5a.) Open in Word or any other text editor where you can do Find -> Replace All.
5b.) Find all instances of three double quotes in a row by searching for """ (if you do find any, you might even want to search for 4, 5, 6 etc. in a row until you come up empty).
5c.) Replace the """ with a placeholder that is not found anywhere else in your csv. I replaced them with 'abcdefg'.
5d.) Find -> Replace all instances of "" (two double quotes in a row) with " (forward slash and double quote).
5e.) Find -> Replace all instances of abcdefg (or your chosen placeholder from step 5c) with "". 5c and this step ensure that any quotes occuring at the end of a field just before the text-delimiting quote are properly 'escaped'.
5f.) Finally, save the file, keeping in UTF-8 (or whatever format you need for import).
6.a) In phpMyAdmin, click the "import" tab, click the "choose file" button, and select the file you just saved.
6b.) under 'Format of imported file' CSV should be selected. If column names are in the first row, make sure that checkbox is checked. Most importantly, 'Fields terminated by' should be set to ; (semi colon), 'Fields enclosed by' should be set to " (double quotes), and 'Fields escaped by' should be set to \ (forward slash). You set that up in your file by following step 3, and if necessary by following steps 5a - 5f.

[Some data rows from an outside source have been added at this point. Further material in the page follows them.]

Definition proper_map (R : realType) (X Y : Type) (dX : X -> X -> R) (dY : Y -> Y -> R)
  (phi : X -> Y) : Prop :=
  forall K : Y -> Prop, mcompact dY K -> mcompact dX (fun x => K (phi x)).

Definition loc_lipschitz_map (R : realType) (X Y : Type) (dX : X -> X -> R) (dY : Y -> Y -> R)
  (phi : X -> Y) : Prop :=
  forall x, exists r L : R, 0 < r /\
    forall y z, dX x y < r -> dX x z < r -> dY (phi y) (phi z) <= L * dX y z.

(* Local metric currents (Lang).                                       *)
Definition fnl (R : realType) (X : Type) (m : nat) : Type :=
  (X -> R[i]) -> ('I_m -> X -> R[i]) -> R[i].

Definition upd (R : realType) (X : Type) (m : nat) (pi : 'I_m -> X -> R[i]) (i : 'I_m)
  (u : X -> R[i]) : 'I_m -> X -> R[i] :=
  fun j => if j == i then u else pi j.

Definition current (R : realType) (X : Type) (d : X -> X -> R) (m : nat) (T : fnl R X m) : Prop :=
  (forall (a : R[i]) f g pi, Dm d f pi -> Dm d g pi ->
     T (fun x => a * f x + g x) pi = a * T f pi + T g pi) /\
  (forall (a : R[i]) f pi i u v, Dm d f pi -> liploc d u -> liploc d v ->
     T f (upd pi i (fun x => a * u x + v x)) = a * T f (upd pi i u) + T f (upd pi i v)) /\
  (forall (fs : nat -> X -> R[i]) (ps : nat -> 'I_m -> X -> R[i]) f pi,
     (forall j, Dm d (fs j) (ps j)) -> Dm d f pi ->
     (forall x, cvgC (fun j => fs j x) (f x)) ->
     (forall i x, cvgC (fun j => ps j i x) (pi i x)) ->
     (exists K, mcompact d K /\ forall j x, supp d (fs j) x -> K x) ->
     (exists L : R, forall j, lipschitz_on d (fun _ => True) L (fs j)) ->
     (forall K, mcompact d K -> exists L : R, forall j i, lipschitz_on d K L (ps j i)) ->
     cvgC (fun j => T (fs j) (ps j)) (T f pi)) /\
  (forall f pi i, Dm d f pi ->
     (exists (U : X -> Prop) (c : R[i]), mopen d U /\ (forall x, supp d f x -> U x) /\
        forall x, U x -> pi i x = c) ->
     T f pi = 0).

7.) Click "Go" and pray you didn't just waste another hour.
Now that the short version has turned out this long, I'll skip the long version.
Suffice it to say, there seem to be 2 major problems with importing through phpmyadmin.
1.) There's some kind of memory problem that prevents large Excel and ODS files (how large is large? not sure yet) being imported.
2.) Neither OpenOffice nor Excel seem to save their csv files in a way that's compatible with phpmyadmin. They want to escape double quotes with double quotes. phpMyAdmin wants double quotes escaped with something else, like forward slash.
The first problem will hopefully be fixed in an update of phpmyadmin (and/or the Excel importing add-on 'PHPExcel').
The second one could be fixed if there was an easy way to change the escape character for Excel or ODS files saved as CSV, or if phpMyAdmin could be made compatible with their format (that should actually be pretty easy. Simply have it perform the same find-replace actions we performed manually above to skirt the double quote problem).
I hope this helps somebody, as I spent 3-4 hours discovering this solution and another hour writing it here. I hope it's not too long, but I was hoping to help people at all levels of expertise from zero to wherever I am (probably around 0.1).
I found a hack that works -- I use the $ as the "enclosed by" character and all is well. Since this is for a European site, I know that they'll never use it in the table content.
you could modify the csv files by adding a \ in front of every ' right?
Have you tried blanking the boxes that read "Fields enclosed by" and "Fields escaped by"? I have not used phpMyAdmin, but Google suggests others have had success with this method.
You might consider just writing your own LOAD DATA INFILE query, seems like you'll need one anyway since this process will be part of an application at some point.